About this exercise => Among the entries below, take the line with "w1 != w2 -> w1 \in T." and the line with "case: (Mstar_proper_cases uM", and output them and every line between them exactly, with nothing else.

Provided records =>
(* Variables are [n] = 'I_n; a monomial is a nonempty {set 'I_n}. *)
Section Defs.
Variable n : nat.
Implicit Types (T : {set {set 'I_n}}) (m : {set 'I_n}).

Definition Mprime T : {set {set 'I_n}} :=
  [set m | [exists I : {set {set 'I_n}},
      [&& I \subset T, I != set0 & \bigcap_(x in I) x == m]] && (m != set0)].

Definition singletons : {set {set 'I_n}} := [set [set i] | i : 'I_n].

Definition Mstar T := Mprime T :|: singletons.

Definition hasse_arc T m1 m2 : bool :=
  [&& m1 \in Mstar T, m2 \in Mstar T, m2 \proper m1 &
      [forall m3 in Mstar T, ~~ ((m2 \proper m3) && (m3 \proper m1))]].

Definition Gstar_edge T m1 m2 : bool := hasse_arc T m1 m2 || hasse_arc T m2 m1.

Definition Gstar_has_cycle T : Prop :=
  exists (k : nat) (c : nat -> {set 'I_n}),
    [/\ 3 <= k,
        (forall i, i < k -> c i \in Mstar T),
        (forall i j, i < k -> j < k -> c i = c j -> i = j) &
        (forall i, i < k -> Gstar_edge T (c i) (c (i.+1 %% k)))].

Definition condA T : Prop :=
  exists m1 m2 m3, [/\ [&& m1 \in T, m2 \in T & m3 \in T],
    m1 :&: m2 :&: m3 != set0,
    (m3 :&: m1) \proper (m3 :&: (m1 :|: m2)) &
    (m3 :&: m2) \proper (m3 :&: (m1 :|: m2))].

Definition cyc_close (k i j : nat) : bool :=
  [|| i == j, i.+1 %% k == j | j.+1 %% k == i].

Definition condB T : Prop :=
  exists (k : nat) (m : nat -> {set 'I_n}),
    [/\ 3 <= k,
        (forall i, i < k -> m i \in T),
        (forall i j, i < k -> j < k -> m i = m j -> i = j) &
        (forall i j, i < k -> j < k ->
           (m i :&: m j != set0) = cyc_close k i j)].
End Defs.

From mathcomp Require Import all_boot zify.
Set Implicit Arguments. Unset Strict Implicit. Unset Printing Implicit Defensive.

(* Condition (B) always holds. If a point lies in three members of T, these
   pairwise meet and give (B) with k = 3. Otherwise every point lies in at most
   two members, so M* consists of T, the meets a :&: b of two members, and
   singletons. A vertex of M* outside T then covers only leaves of G*, so on a
   cycle of G* every vertex outside T lies between two members u, w of T and
   equals u :&: w. Deleting these vertices one at a time, linking u to w, leaves
   a cycle of at least three distinct members of T in which consecutive members
   meet; a chordless arc of it is an induced cycle of the intersection graph of
   T, which is (B). *)

Section ClosedWalks.
Variable X : Type.
Implicit Types (c : nat -> X) (e : X -> X -> Prop).

Definition closed_walk e k c := forall i, i < k -> e (c i) (c (i.+1 %% k)).

Definition distinct_below k c := forall i j, i < k -> j < k -> c i = c j -> i = j.

Definition rotate k s c t := c ((t + s) %% k).

Lemma closed_walk_sub e e' k c :
  (forall x y, e x y -> e' x y) -> closed_walk e k c -> closed_walk e' k c.
Proof. by move=> ee' walk i /walk /ee'. Qed.

Lemma rotate_mem k s c t : 0 < k -> exists2 j, j < k & rotate k s c t = c j.
Proof. by move=> k0; exists ((t + s) %% k); rewrite ?ltn_pmod. Qed.

Lemma closed_walk_rotate e k s c : closed_walk e k c -> closed_walk e k (rotate k s c).
Proof.
move=> walk i ik; rewrite /rotate.
have -> : (i.+1 %% k + s) %% k = ((i + s) %% k).+1 %% k.
  by rewrite modnDml -[((i + s) %% k).+1]addn1 modnDml addn1 addSn.
by apply: walk; rewrite ltn_pmod //; lia.
Qed.

Lemma distinct_below_rotate k s c : distinct_below k c -> distinct_below k (rotate k s c).
Proof.
move=> inj i j ik jk; have k0 : 0 < k by lia.
move/inj => /(_ (ltn_pmod _ k0) (ltn_pmod _ k0)) /eqP.
by rewrite eqn_modDr !modn_small // => /eqP.
Qed.

Lemma closed_walk_neighbours e k c i : 3 <= k -> distinct_below k c ->
  closed_walk e k c -> i < k -> exists y z, [/\ y <> z, e (c i) y & e z (c i)].
Proof.
move=> k3 inj walk ik.
have [p pk pS] : exists2 p, p < k & p.+1 %% k = i.
  case: i ik => [|i] ik; first by exists k.-1; rewrite ?prednK ?modnn; lia.
  by exists i; rewrite ?modn_small; lia.
exists (c (i.+1 %% k)), (c p); split; [|exact: walk|by rewrite -pS; exact: walk].
move/inj => /(_ (ltn_pmod _ (ltnW (ltnW k3))) pk) pE; move: pS; rewrite -pE.
have [ik'|iS] : i.+1 < k \/ i.+1 = k by lia.
  rewrite (modn_small ik').
  by case: (ltngtP i.+2 k) => h; rewrite ?(modn_small h) ?h ?modnn; lia.
by rewrite iS modnn modn_small; lia.
Qed.

Lemma not_cyc_close k i j : i < j -> j < k -> ~~ cyc_close k i j ->
  i.+2 <= j /\ (j - i).+1 < k.
Proof.
move=> ij jk; rewrite /cyc_close (modn_small (_ : i.+1 < k)); last lia.
by case: (ltngtP j.+1 k) => h; [rewrite (modn_small h) | lia | rewrite h modnn]; lia.
Qed.

Lemma cyc_closeC k i j : cyc_close k i j = cyc_close k j i.
Proof. by rewrite /cyc_close eq_sym; congr (_ || _); exact: orbC. Qed.

Variable r : rel X.
Hypothesis r_sym : symmetric r.

Definition chordless k c := forall i j, i < j -> j < k -> r (c i) (c j) -> cyc_close k i j.

(* A chord c_i c_j cuts off the shorter closed walk c_i, ..., c_j. *)
Lemma closed_walk_chordless_arc k c : 3 <= k -> closed_walk r k c ->
  exists i0 k', [/\ 3 <= k', i0 + k' <= k,
    closed_walk r k' (fun t => c (i0 + t)) & chordless k' (fun t => c (i0 + t))].
Proof.
elim/ltn_ind: k c => k IH c k3 walk.
case: (boolP [exists i : 'I_k, exists j : 'I_k,
    [&& i < j, r (c i) (c j) & ~~ cyc_close k i j]]); last first.
  move=> no_chord; exists 0, k; split => // i j ij jk rij; apply/negPn/negP => far.
  by case/negP: no_chord; apply/existsP; exists (Ordinal (ltn_trans ij jk));
    apply/existsP; exists (Ordinal jk); rewrite /= ij rij.
case/existsP => -[i ik] /existsP [[j jk]] /and3P [/= ij rij far].
have [i2j jik] := not_cyc_close ij jk far.
have arc_walk : closed_walk r (j - i).+1 (fun t => c (i + t)).
  move=> a ha; case: (ltnP a.+1 (j - i).+1) => h.
    rewrite (modn_small h) addnS; have := walk (i + a) ltac:(lia).
    by rewrite modn_small //; lia.
  have -> : a.+1 = (j - i).+1 by lia.
  by rewrite modnn addn0 (_ : i + a = j) 1?r_sym //; lia.
have [i1 [k' [k'3 le_k' walk' chl]]] := IH _ jik _ ltac:(lia) arc_walk.
exists (i + i1), k'; split => //; first lia.
- by move=> a ha; rewrite -!addnA; exact: walk'.
- by move=> a b ab bk; rewrite -!addnA; exact: chl.
Qed.

End ClosedWalks.

Definition meets (X : finType) (A B : {set X}) := A :&: B != set0.

Lemma meetsC (X : finType) : symmetric (@meets X).
Proof. by move=> A B; rewrite /meets setIC. Qed.

Definition owners n (T : {set {set 'I_n}}) (x : 'I_n) := [set t in T | x \in t].

Section HasseDiagram.
Variables (n : nat) (T : {set {set 'I_n}}).
Implicit Types (a b c d u v w x y : {set 'I_n}).
Hypothesis owners_le2 : forall i, #|owners T i| <= 2.

Lemma Mstar_neq0 x : x \in Mstar T -> x != set0.
Proof.
rewrite /Mstar inE => /orP[]; first by rewrite /Mprime inE => /andP[].
by case/imsetP => i _ ->; apply/set0Pn; exists i; rewrite inE.
Qed.

Lemma setI_Mstar a b : a \in T -> b \in T -> a :&: b != set0 -> a :&: b \in Mstar T.
Proof.
move=> aT bT ab0; rewrite /Mstar inE; apply/orP; left; rewrite /Mprime inE ab0 andbT.
apply/existsP; exists [set a; b]; rewrite subUset !sub1set aT bT /=.
apply/andP; split; first by apply/set0Pn; exists a; rewrite !inE eqxx.
apply/eqP/setP => i; rewrite inE; apply/bigcapP/andP => [ab|[ia ib] y].
  by split; apply: ab; rewrite !inE eqxx ?orbT.
by rewrite !inE => /orP[]/eqP->.
Qed.

Lemma owner_cases i a b c : a \in T -> b \in T -> c \in T -> a != b ->
  i \in a -> i \in b -> i \in c -> c = a \/ c = b.
Proof.
move=> aT bT cT ab ia ib ic.
case: (eqVneq c a) => [|ca]; [by left|]; case: (eqVneq c b) => [|cb]; [by right|].
have : 2 < #|owners T i|.
  by apply/card_gt2P; exists a, b, c; rewrite !inE aT bT cT ia ib ic ab ca (eq_sym b) cb.
by rewrite ltnNge owners_le2.
Qed.

Definition pair_meet x := exists a b, [/\ a \in T, b \in T, a != b & x = a :&: b].

Lemma Mstar_cases x : x \in Mstar T ->
  [\/ x \in T, pair_meet x | exists i, x = [set i]].
Proof.
rewrite /Mstar inE => /orP[]; last by case/imsetP => i _ ->; constructor 3; exists i.
rewrite /Mprime inE => /andP[/existsP[I /and3P[IT /set0Pn[a aI] /eqP xE]] /set0Pn[i ix]].
have inT y : y \in I -> y \in T by move/(subsetP IT).
have iI y : y \in I -> i \in y by move=> yI; move: ix; rewrite -xE => /bigcapP; apply.
case: (boolP [forall y in I, y == a]) => [/forall_inP allA | /forall_inPn [b bI ba]].
  constructor 1; suff -> : x = a by exact: inT.
  by rewrite -xE; apply/setP => j; apply/bigcapP/idP => [/(_ a aI)|ja y /allA/eqP->].
have ab : a != b by rewrite eq_sym.
constructor 2; exists a, b; split; rewrite ?inT //.
rewrite -xE; apply/setP => j; rewrite inE; apply/bigcapP/andP => [cap|[ja jb] y yI].
  by split; apply: cap.
have [aT bT yT] := And3 (inT _ aI) (inT _ bI) (inT _ yI).
by case: (owner_cases aT bT yT ab (iI _ aI) (iI _ bI) (iI _ yI)) => ->.
Qed.

Lemma Mstar_proper_cases x y : x \in Mstar T -> y \in Mstar T -> y \proper x ->
  x \in T \/ pair_meet x.
Proof.
move=> xM yM yx; case: (Mstar_cases xM) => [|?|[i xE]]; [by left|by right|].
move: yx; rewrite xE => /properP[]; rewrite subset1 => /orP[/eqP->|/eqP y0].
  by case=> j; rewrite inE => ->.
by have := Mstar_neq0 yM; rewrite y0 eqxx.
Qed.

Lemma pair_meet_unique i a b c d : a \in T -> b \in T -> c \in T -> d \in T ->
  a != b -> c != d -> i \in a :&: b -> i \in c :&: d -> c :&: d = a :&: b.
Proof.
move=> aT bT cT dT ab + /setIP[ia ib] /setIP[ic id].
case: (owner_cases aT bT cT ab ia ib ic) => ->;
case: (owner_cases aT bT dT ab ia ib id) => ->; rewrite ?eqxx // => _.
exact: setIC.
Qed.

Lemma hasse_arcP x y : hasse_arc T x y ->
  [/\ x \in Mstar T, y \in Mstar T, y \proper x &
      forall m, m \in Mstar T -> y \proper m -> m \proper x -> False].
Proof.
case/and4P => xM yM yx /forall_inP cover; split => // m mM ym mx.
by move: (cover m mM); rewrite ym mx.
Qed.

Lemma hasse_upper_cover_mem w1 w2 v : hasse_arc T w1 v -> hasse_arc T w2 v ->
  w1 != w2 -> w1 \in T.
Proof.
move=> /hasse_arcP[w1M vM vw1 _] /hasse_arcP[w2M _ vw2 cover2] w12.
have [i iv] := set0Pn _ (Mstar_neq0 vM).
have iw1 := subsetP (proper_sub vw1) i iv; have iw2 := subsetP (proper_sub vw2) i iv.
case: (Mstar_proper_cases w1M vM vw1) => // -[a [b [aT bT ab w1E]]].
move: iw1; rewrite w1E => iab.
case: (Mstar_proper_cases w2M vM vw2) => [w2T|[c [d [cT dT cd w2E]]]].
  case: (cover2 w1 w1M vw1); rewrite properEneq w12 w1E.
  by case/setIP: iab => ia ib; case: (owner_cases aT bT w2T ab ia ib iw2) => ->;
    rewrite ?subsetIl ?subsetIr.
move: iw2 w12; rewrite w2E w1E => icd.
by rewrite (pair_meet_unique aT bT cT dT ab cd iab icd) eqxx.
Qed.

Lemma hasse_lower_cover_meet w1 w2 v : hasse_arc T w1 v -> hasse_arc T w2 v ->
  w1 != w2 -> [/\ w1 \in T, w2 \in T & v = w1 :&: w2].
Proof.
move=> arc1 arc2 w12.
have w1T := hasse_upper_cover_mem arc1 arc2 w12.
have w2T : w2 \in T by apply: (hasse_upper_cover_mem arc2 arc1); rewrite eq_sym.
split => //; move: arc1 arc2 => /hasse_arcP[w1M vM vw1 cover1] /hasse_arcP[_ _ vw2 cover2].
have vw : v \subset w1 :&: w2 by rewrite subsetI !proper_sub.
have wM : w1 :&: w2 \in Mstar T.
  apply: setI_Mstar => //; apply: contraNneq (Mstar_neq0 vM) => w0.
  by rewrite -subset0 -w0.
case: (eqVneq v (w1 :&: w2)) => // vw'.
case: (eqVneq (w1 :&: w2) w1) => [w1w2|w1w2].
  by case: (cover2 w1 w1M vw1); rewrite properEneq w12 -w1w2 subsetIr.
by case: (cover1 _ wM); rewrite properEneq ?vw' ?w1w2 ?subsetIl.
Qed.

Lemma hasse_leaf v u t : v \notin T -> hasse_arc T v u -> Gstar_edge T u t -> t = v.
Proof.
move=> vT vu; have /hasse_arcP[vM uM uv _] := vu.
case: (Mstar_proper_cases vM uM uv) => [vT'|[a [b [aT bT ab vE]]]].
  by rewrite vT' in vT.
have [i iu] := set0Pn _ (Mstar_neq0 uM).
have iab : i \in a :&: b by rewrite -vE (subsetP (proper_sub uv)).
case/orP => [ut|tu]; last first.
  apply/eqP; apply: contraNT vT => tv.
  by apply: (hasse_upper_cover_mem vu tu); rewrite eq_sym.
have /hasse_arcP[_ tM tu _] := ut.
case: (Mstar_proper_cases uM tM tu) => [uT|[c [d [cT dT cd uE]]]].
  case/setIP: (iab) => ia ib; move: uv; rewrite properE vE => /andP[_].
  by case: (owner_cases aT bT uT ab ia ib iu) => ->; rewrite ?subsetIl ?subsetIr.
have := pair_meet_unique aT bT cT dT ab cd iab; rewrite -uE -vE => /(_ iu) uvE.
by move: uv; rewrite uvE properxx.
Qed.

Written solution =>
  w1 != w2 -> w1 \in T.
Proof.
move=> /hasse_arcP[w1M vM vw1 _] /hasse_arcP[w2M _ vw2 cover2] w12.
have [i iv] := set0Pn _ (Mstar_neq0 vM).
have iw1 := subsetP (proper_sub vw1) i iv; have iw2 := subsetP (proper_sub vw2) i iv.
case: (Mstar_proper_cases w1M vM vw1) => // -[a [b [aT bT ab w1E]]].
move: iw1; rewrite w1E => iab.
case: (Mstar_proper_cases w2M vM vw2) => [w2T|[c [d [cT dT cd w2E]]]].
  case: (cover2 w1 w1M vw1); rewrite properEneq w12 w1E.
  by case/setIP: iab => ia ib; case: (owner_cases aT bT w2T ab ia ib iw2) => ->;
    rewrite ?subsetIl ?subsetIr.
move: iw2 w12; rewrite w2E w1E => icd.
by rewrite (pair_meet_unique aT bT cT dT ab cd iab icd) eqxx.
Qed.

Lemma hasse_lower_cover_meet w1 w2 v : hasse_arc T w1 v -> hasse_arc T w2 v ->
  w1 != w2 -> [/\ w1 \in T, w2 \in T & v = w1 :&: w2].
Proof.
move=> arc1 arc2 w12.
have w1T := hasse_upper_cover_mem arc1 arc2 w12.
have w2T : w2 \in T by apply: (hasse_upper_cover_mem arc2 arc1); rewrite eq_sym.
split => //; move: arc1 arc2 => /hasse_arcP[w1M vM vw1 cover1] /hasse_arcP[_ _ vw2 cover2].
have vw : v \subset w1 :&: w2 by rewrite subsetI !proper_sub.
have wM : w1 :&: w2 \in Mstar T.
  apply: setI_Mstar => //; apply: contraNneq (Mstar_neq0 vM) => w0.
  by rewrite -subset0 -w0.
case: (eqVneq v (w1 :&: w2)) => // vw'.
case: (eqVneq (w1 :&: w2) w1) => [w1w2|w1w2].
  by case: (cover2 w1 w1M vw1); rewrite properEneq w12 -w1w2 subsetIr.
by case: (cover1 _ wM); rewrite properEneq ?vw' ?w1w2 ?subsetIl.
Qed.

Lemma hasse_leaf v u t : v \notin T -> hasse_arc T v u -> Gstar_edge T u t -> t = v.
Proof.
move=> vT vu; have /hasse_arcP[vM uM uv _] := vu.
case: (Mstar_proper_cases vM uM uv) => [vT'|[a [b [aT bT ab vE]]]].
  by rewrite vT' in vT.
have [i iu] := set0Pn _ (Mstar_neq0 uM).
have iab : i \in a :&: b by rewrite -vE (subsetP (proper_sub uv)).
case/orP => [ut|tu]; last first.
  apply/eqP; apply: contraNT vT => tv.
  by apply: (hasse_upper_cover_mem vu tu); rewrite eq_sym.
have /hasse_arcP[_ tM tu _] := ut.
case: (Mstar_proper_cases uM tM tu) => [uT|[c [d [cT dT cd uE]]]].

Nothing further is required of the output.